I’m skeptical that a scored Step 1 benefits students from ‘lower tier’ medical schools and international medical graduates (IMGs) as much as these groups often seem to believe. (Students from the most prestigious medical schools do very well on Step 1 – and if you look at the data without any preconceived notions, you might actually conclude that Step 1 scores are one of the most important factors maintaining the hierarchy in residency selection.)

But for today, let’s take this objection at face value – because it raises a number of bigger questions about the metrics we use to choose residents. Inspired by the maelstrom of football talent evaluation this week, let’s find out – what can we learn from the NFL Draft?

1) Do we need a single objective metric?

Defenders of a scored USMLE point out that Step 1 is the only objective metric with which to compare candidates from a variety of backgrounds.

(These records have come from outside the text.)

(* With the maps $\mathrm{Tr}_1:H(m,1,1)\to\mathcal{A}_m$ and $\mathrm{Tr}_2:H(m,1,2)\to H(m,1,1)$ defined below, for all integers $a$ and $b$, $$\mathrm{Tr}_1\bigl(\mathrm{Tr}_2(\sigma_1^{-1}\tau^a\sigma_1\tau^b\sigma_1)\bigr)=D\,\mu_{a+b},$$ where $\mu_c:=\mathrm{Tr}_1(\tau^c)$ for $c\in\mathbb{Z}$.
   Context: $\mathcal{A}_m:=\mathbb{C}[q^{\pm1},v_1^{\pm1},\dots,v_m^{\pm1}]$ for finite $m$, $\mathcal{A}_\infty:=\mathbb{C}[q,q^{-1}]$; $\mathfrak{E}_m:=\{0,\dots,m-1\}$ for finite $m$, $\mathfrak{E}_\infty:=\mathbb{Z}$. $H(m,1,k)$ is the $\mathcal{A}_m$-algebra generated by $\tau,\tau^{-1},\sigma_1,\dots,\sigma_{k-1}$ subject to $\tau\tau^{-1}=\tau^{-1}\tau=1$, braid relations for the $\sigma_i$, $\tau\sigma_1\tau\sigma_1=\sigma_1\tau\sigma_1\tau$, $\tau\sigma_i=\sigma_i\tau$ ($i>1$), $\sigma_i^2=(q-q^{-1})\sigma_i+1$, and $(\tau-v_1)\cdots(\tau-v_m)=0$ if $m<\infty$; $H(m,1,0)=\mathcal{A}_m$ and $H(m,1,1)\subset H(m,1,2)$ is the subalgebra generated by $\tau^{\pm1}$. Fix $D\in\mathcal{A}_m$ and $\mu_a\in\mathcal{A}_m$ ($a\in\mathfrak{E}_m\setminus\{0\}$), $\mu_0:=1$. $\mathrm{Tr}_1$ is the $\mathcal{A}_m$-linear map on $H(m,1,1)$ (basis $\tau^a$, $a\in\mathfrak{E}_m$) with $\mathrm{Tr}_1(\tau^a)=\mu_a$. $\mathrm{Tr}_2$ is the $\mathcal{A}_m$-linear map $H(m,1,2)\to H(m,1,1)$ defined on the basis $\tau^a\sigma_1u$ and $\sigma_1^{-1}\tau^a\sigma_1u$ ($a\in\mathfrak{E}_m$, $u$ in a basis of $H(m,1,1)$) by $\mathrm{Tr}_2(\tau^a\sigma_1u)=D\tau^au$ and $\mathrm{Tr}_2(\sigma_1^{-1}\tau^a\sigma_1u)=\mu_au$. *)

From HB Require Import structures.
From mathcomp Require Import all_boot all_order all_algebra.
Set Implicit Arguments. Unset Strict Implicit. Unset Printing Implicit Defensive.
Import Order.TTheory GRing.Theory Num.Theory.
Local Open Scope ring_scope.
Definition Gmx (X : 'I_n -> 'rV[R]_d) (v : 'I_m -> 'rV[R]_d) : 'M[R]_n :=
  \matrix_(i < n, j < n) ((m%:R)^-1 *
    \sum_(k < m) relu (dot (v k) (X i)) * relu (dot (v k) (X j))
                 / norm2 (v k) ^+ 2).

Definition Lambda alpha X c v g : 'M[R]_n :=
  (alpha ^+ 2)^-1 *: Vmx alpha X c v g + Gmx X v.

Definition Hmx (X : 'I_n -> 'rV[R]_d) (v : 'I_m -> 'rV[R]_d) : 'M[R]_n :=
  \matrix_(i < n, j < n) ((m%:R)^-1 *
    \sum_(k < m) dot (X i) (X j) * ind (v k) (X i) * ind (v k) (X j)).

End Defs.

From Pilot Require Import Defs.
From HB Require Import structures.
From mathcomp Require Import all_boot all_order all_algebra.
From mathcomp Require Import all_classical all_reals topology normedtype derive realfun.
From mathcomp Require Import ring.
Set Implicit Arguments. Unset Strict Implicit. Unset Printing Implicit Defensive.
Import Order.TTheory GRing.Theory Num.Theory.
Import numFieldNormedType.Exports.
Local Open Scope ring_scope.

(* Since g_k(0) = ‖v_k(0)‖/α, the factor α c_k g_k/‖v_k‖ in V is c_k = ±1; splitting
   ⟨x_i, x_j⟩ = ⟨x_i^⊥, x_j^⊥⟩ + ⟨v_k, x_i⟩⟨v_k, x_j⟩/‖v_k‖² along v_k and using
   σ(s) = 1{s ≥ 0} s turns each neuron's term of H into its V-part plus its G-part.
   Along gradient flow the chain rule gives df(x_i)/dt = -Σ_j K_ij (f(x_j) - y_j), where
   K is the tangent kernel of the parametrisation (v, g).  The v_k-gradient of
   σ(g_k ⟨v_k, x⟩/‖v_k‖) is (g_k/‖v_k‖) 1{⟨v_k, x⟩ ≥ 0} x^{v_k⊥} and its g_k-derivative
   is 1{⟨v_k, x⟩ ≥ 0} ⟨v_k, x⟩/‖v_k‖, which makes K = V + G = Λ(0) when α = 1.  The
   generic initialization keeps every ReLU off its kink, so these derivatives exist. *)

Section Derivatives.
Variables (R : realType) (t0 : R).
Implicit Types (f h : R -> R) (a b df dh : R).

Lemma is_deriveM_eq f h df dh e :
  is_derive t0 1 f df -> is_derive t0 1 h dh -> e = f t0 * dh + h t0 * df ->
  is_derive t0 1 (fun t => f t * h t) e.
Proof.
move=> hf hh ->; have := is_deriveM hf hh.
by have -> : (f * h) = (fun t => f t * h t) by apply/funext.
Qed.

Lemma is_deriveD_eq f h df dh e :
  is_derive t0 1 f df -> is_derive t0 1 h dh -> e = df + dh ->
  is_derive t0 1 (fun t => f t + h t) e.
Proof.
move=> hf hh ->; have := is_deriveD hf hh.
by have -> : (f + h) = (fun t => f t + h t) by apply/funext.
Qed.

Lemma is_derive_sum_eq n (F : 'I_n -> R -> R) (dF : 'I_n -> R) e :
  (forall i, is_derive t0 1 (F i) (dF i)) -> e = \sum_i dF i ->
  is_derive t0 1 (fun t => \sum_i F i t) e.
Proof. by move=> hF ->; have := is_derive_sum hF; rewrite fct_sumE. Qed.

Lemma is_deriveV_eq f df e :
  is_derive t0 1 f df -> f t0 != 0 -> e = - f t0 ^- 2 * df ->
  is_derive t0 1 (fun t => (f t)^-1) e.
Proof. by move=> hf hf0 ->; exact: is_deriveV. Qed.

Lemma is_derive_sqrt_eq f df e :
  is_derive t0 1 f df -> 0 < f t0 -> e = (2 * Num.sqrt (f t0))^-1 * df ->
  is_derive t0 1 (fun t => Num.sqrt (f t)) e.
Proof. by move=> hf hf0 ->; exact: is_derive1_comp (is_derive1_sqrt hf0) hf. Qed.

Lemma is_derive_affine a b : is_derive t0 1 (fun s => a + s * b) b.
Proof.
apply: is_deriveD_eq (is_derive_cst a _ _) _ (esym (add0r b)).
apply: is_deriveM_eq (is_derive_id t0 1) (is_derive_cst b t0 1) _.
by rewrite mulr0 add0r mulr1.
Qed.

How do NFL teams overcome this? While the colleges that produce the most NFL players are the ones you’d expect, even a casual NFL fan knows that some of the best players came from less-than-prestigious college backgrounds.

All Pro linebacker Khalil Mack was selected 5th overall in the 2014 draft after playing for the University of Buffalo – not exactly a hotbed of football talent. Hall of Famer Ben Roethlisberger was the Steelers’ first round draft selection in 2004 after playing for Miami University (no, not that one… the one in Ohio). Eagles QB Carson Wentz – the #2 pick in 2016 – played for perennial powerhouse North Dakota State.

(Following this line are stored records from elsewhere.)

(* Let [a_k := |x_k - x_H|^2].  Projections onto [X] do not increase distances
   to points of [X], and all subgradients are bounded on the compact set [X];
   hence one round of FISM satisfies
     [a_(k+1) <= a_k - (2 gamma_k / S) (F x_k - F x_H)
                     - (2 gamma_k lambda_k / S) <H_k, x_k - x_H> + C gamma_k^2],
   the drift of the inner iterates away from [x_k] being absorbed in
   [C gamma_k^2] and the average over the clients being handled by Jensen's
   inequality.  Strong convexity bounds [<H_k, x_k - x_H>] below by
   [H x_k - H x_H + mu_H a_k / 4], and since [x_H] minimizes [H] over the
   minimizers of [F] on the compact set [X],
   [F x_k - F x_H + lambda (H x_k - H x_H) >= - lambda eps] for all small
   [lambda].  As [gamma_k / lambda_k -> 0], this gives eventually
   [a_(k+1) <= (1 - t_k) a_k + t_k eta / 2] with
   [t_k = mu_H gamma_k lambda_k / (2 S)], and [sum t_k = +oo] then forces
   [a_k <= eta] eventually. *)

(** * Inner products and norms on row vectors *)

Section Euclidean.
Variables (R : realType) (n : nat).
Notation vec := 'rV[R]_n.
Implicit Types (u v w : vec) (a : R).

Lemma dotvC u v : dotv u v = dotv v u.
Proof. by apply: eq_bigr => j _; rewrite mulrC. Qed.

Lemma dotvDl u v w : dotv (u + v) w = dotv u w + dotv v w.
Proof. by rewrite /dotv -big_split; apply: eq_bigr => j _; rewrite !mxE mulrDl. Qed.

Lemma dotvDr u v w : dotv u (v + w) = dotv u v + dotv u w.
Proof. by rewrite dotvC dotvDl !(dotvC u). Qed.

Lemma dotvZl a u v : dotv (a *: u) v = a * dotv u v.
Proof. by rewrite /dotv mulr_sumr; apply: eq_bigr => j _; rewrite !mxE mulrA. Qed.

Lemma dotvZr a u v : dotv u (a *: v) = a * dotv u v.
Proof. by rewrite dotvC dotvZl dotvC. Qed.

Lemma dotvNl u v : dotv (- u) v = - dotv u v.
Proof. by rewrite -scaleN1r dotvZl mulN1r. Qed.

Lemma dotvNr u v : dotv u (- v) = - dotv u v.
Proof. by rewrite dotvC dotvNl dotvC. Qed.

Lemma sqnorm_ge0 u : 0 <= sqnorm u.
Proof. by apply: sumr_ge0 => j _; rewrite -expr2 sqr_ge0. Qed.

Lemma sqnorm0 : sqnorm (0 : vec) = 0.
Proof. by rewrite /sqnorm /dotv big1 // => j _; rewrite mxE mul0r. Qed.

Lemma sqnormD u v : sqnorm (u + v) = sqnorm u + 2 * dotv u v + sqnorm v.
Proof. by rewrite /sqnorm !dotvDl !dotvDr (dotvC v u); ring. Qed.

Lemma sqnormN u : sqnorm (- u) = sqnorm u.
Proof. by rewrite /sqnorm dotvNl dotvNr opprK. Qed.

Lemma sqnormB u v : sqnorm (u - v) = sqnorm u - 2 * dotv u v + sqnorm v.
Proof. by rewrite sqnormD sqnormN dotvNr; ring. Qed.

Lemma sqnormZ a u : sqnorm (a *: u) = a ^+ 2 * sqnorm u.
Proof. by rewrite /sqnorm dotvZl dotvZr mulrA -expr2. Qed.

Lemma sqnormBC u v : sqnorm (u - v) = sqnorm (v - u).
Proof. by rewrite -sqnormN opprB. Qed.

Lemma dotv_ge_sqnorm u v : - (sqnorm u + sqnorm v) <= 2 * dotv u v.
Proof. by have := sqnorm_ge0 (u + v); rewrite sqnormD; lra. Qed.

Lemma dotv_le_sqnorm u v : 2 * dotv u v <= sqnorm u + sqnorm v.
Proof. by have := sqnorm_ge0 (u - v); rewrite sqnormB; lra. Qed.

Lemma sqnormD_le u v : sqnorm (u + v) <= 2 * sqnorm u + 2 * sqnorm v.
Proof. by rewrite sqnormD; have := dotv_le_sqnorm u v; lra. Qed.

Lemma sqr_coord_le_sqnorm u j : u ord0 j ^+ 2 <= sqnorm u.
Proof.
rewrite /sqnorm /dotv (bigD1 j) //= expr2 lerDl.
by apply: sumr_ge0 => i _; rewrite -expr2 sqr_ge0.
Qed.

(* On row vectors [`|_|] is the maximum norm. *)
Lemma normr_coord_le u j : `|u ord0 j| <= `|u|.
Proof.
rewrite [leRHS]/Num.Def.normr /= mx_normrE; apply/bigmax_geP; right.
by exists (ord0, j).
Qed.

Lemma normr_rV_le u e : 0 <= e -> (forall j, `|u ord0 j| <= e) -> `|u| <= e.
Proof.
move=> e0 ue; rewrite [leLHS]/Num.Def.normr /= mx_normrE.
by apply: bigmax_le => // -[i j] _ /=; rewrite (ord1 i).
Qed.

Lemma sqr_normr_le_sqnorm u : `|u| ^+ 2 <= sqnorm u.
Proof.
have [u0|/mx_norm_neq0 [[i j] /= uij]] := eqVneq (mx_norm u) 0.
  by rewrite [`|u|]u0 expr0n sqnorm_ge0.
by rewrite [`|u|]uij real_normK ?num_real // (ord1 i) sqr_coord_le_sqnorm.
Qed.

Lemma sqnorm_le_sqr_normr u : sqnorm u <= n%:R * `|u| ^+ 2.
Proof.
have -> : n%:R * `|u| ^+ 2 = \sum_(j < n) `|u| ^+ 2.
  by rewrite sumr_const card_ord mulr_natl.
apply: ler_sum => j _.
rewrite -expr2 -real_normK ?num_real // lerXn2r ?nnegrE //.
exact: normr_coord_le.
Qed.

End Euclidean.

Lemma cvg_sqnorm_to0 (R : realType) (n : nat) (u : nat -> 'rV[R]_n) (p : 'rV[R]_n) :
  (forall eta, 0 < eta -> \forall k \near \oo, sqnorm (u k - p) <= eta) ->
  u @ \oo --> p.
Proof.
move=> u_near; apply/cvgrPdist_le => e e_gt0.
apply: filterS (u_near _ (exprn_gt0 2 e_gt0)) => k uk.
rewrite -(ler_pXn2r (isT : (0 < 2)%N)) ?nnegrE ?normr_ge0 ?(ltW e_gt0) //.
by apply: le_trans (sqr_normr_le_sqnorm _) _; rewrite sqnormBC.
Qed.

(** * Projections and convexity *)

Section Convexity.
Variables (R : realType) (n : nat).
Notation vec := 'rV[R]_n.
Implicit Types (u v w : vec) (X : set vec) (f : vec -> R).

Lemma proj_obtuse X z p w : convex_set_v X -> is_proj X z p -> X w ->
  dotv (z - p) (w - p) <= 0.
Proof.
move=> cX [Xp pmin] Xw; set d := dotv _ _; set s := sqnorm (w - p).
have s0 : 0 <= s by exact: sqnorm_ge0.
have le_ts t : 0 < t -> t <= 1 -> 2 * d <= t * s.
  move=> t0 t1; have := pmin _ (cX w p t Xw Xp (ltac:(by rewrite (ltW t0) t1))).
  have -> : z - (t *: w + (1 - t) *: p) = (z - p) - t *: (w - p).
    by apply/rowP => j; rewrite !mxE; ring.
  rewrite (sqnormB (z - p)) sqnormZ dotvZr -/d -/s => h.
  by rewrite -(ler_pM2l t0); nra.
rewrite leNgt; apply/negP => d0.
have t0 : 0 < d / (d + s) by rewrite divr_gt0 //; lra.
have t1 : d / (d + s) <= 1 by rewrite ler_pdivrMr ?mul1r; lra.
have := le_ts _ t0 t1; rewrite mulrAC ler_pdivlMr; nra.
Qed.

NFL players don’t have to be licensed – so unfortunately, there’s no such thing as the NFLLE Step 1. Otherwise, drafting players would be a lot easier, because NFL executives could just use the player’s performance on a single test on a single day, compute a single three digit number that would predict the player’s entire playing career, and then take the rest of the day off. Right?

However, most NFL prospects do participate in the NFL Combine – a test of various physical skills performed in front of NFL coaches and talent scouts in the weeks leading up to the draft.

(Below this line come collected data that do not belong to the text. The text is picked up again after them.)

(* Let $r>0$, $T>0$, let $\sigma_1$ be a nonnegative random variable with $P\{\sigma_1>x\}=L(x)/x^{\alpha}$, where $\alpha>0$ and $L$ is continuous, slowly varying, with $\lim_{x\to\infty}L(x)=\infty$. Let $V$ be uniformly distributed on $(0,T]$ and independent of $\sigma_1$, and let $F_T(x)=P\{e^{-rV}\sigma_1\le x\}$. Then $F_T$ has a regularly varying tail. *)

From HB Require Import structures.
From mathcomp Require Import all_boot all_order all_algebra.
From mathcomp Require Import all_classical all_reals all_analysis.
Set Implicit Arguments. Unset Strict Implicit. Unset Printing Implicit Defensive.
Import Order.TTheory GRing.Theory Num.Theory.
Import numFieldNormedType.Exports.
Local Open Scope classical_set_scope.
Local Open Scope ring_scope.

Definition slowly_varying (R : realType) (L : R -> R) : Prop :=
  (\forall x \near +oo, 0 < L x) /\
  forall t : R, 0 < t -> (fun x => L (t * x) / L x) @ +oo --> (1 : R).

Definition regularly_varying (R : realType) (f : R -> R) (rho : R) : Prop :=
  (\forall x \near +oo, 0 < f x) /\
  forall t : R, 0 < t -> (fun x => f (t * x) / f x) @ +oo --> t `^ rho.

Definition has_regularly_varying_tail (R : realType) (F : R -> R) : Prop :=
  exists rho : R, regularly_varying (fun x => 1 - F x) rho.

From HB Require Import structures.
From mathcomp Require Import all_boot all_order all_algebra.
From mathcomp Require Import all_classical all_reals all_analysis.
From mathcomp Require Import ring lra.
Import Order.TTheory GRing.Theory Num.Theory.
Import numFieldNormedType.Exports.
Local Open Scope classical_set_scope.
Local Open Scope ring_scope.

(* Write tau = t^(-alpha) and G for the tail of sigma1; the tail of the product is
   Phi(x) = P(e^(-rV) sigma1 > x, 0 < V <= T).  Cut (0, T] into n pieces of width h.
   On the piece V in (a, a + h] the event is squeezed between
   {sigma1 > x e^(r(a+h))} and {sigma1 > x e^(ra)}, so by independence the piece of
   Phi(x) lies between G(e^(rh) y) p and G(y) p, with y = x e^(ra) and p the
   probability of the piece.  Regular variation of G gives, for x large and
   uniformly in a, G(e^(rh) y) >= G(y) / eta^2 once e^(r h |alpha|) <= eta, and
   G(t y) within a factor eta of tau G(y).  Hence every piece of Phi(t x) is within
   eta^5 of tau times the same piece of Phi(x), and so are the sums; eta is arbitrary. *)

Section MulClose.
Context {R : realFieldType}.
Implicit Types k l u v w : R.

Notice that, although the tests are objective, there’s not just one of them – there are several. Why?

Because scouts recognize the limitations of a single metric, and appreciate that what predicts performance is position-specific.

After all, the skills needed to be a good quarterback are very different than those needed to be a linebacker. A scout is more interested in a wide receiver’s 40 yard dash or vertical jump more than his bench press. This brings us to our first lesson, which is this:

Lesson #1 – If you’re interested in predicting multiple competencies, you probably need multiple metrics.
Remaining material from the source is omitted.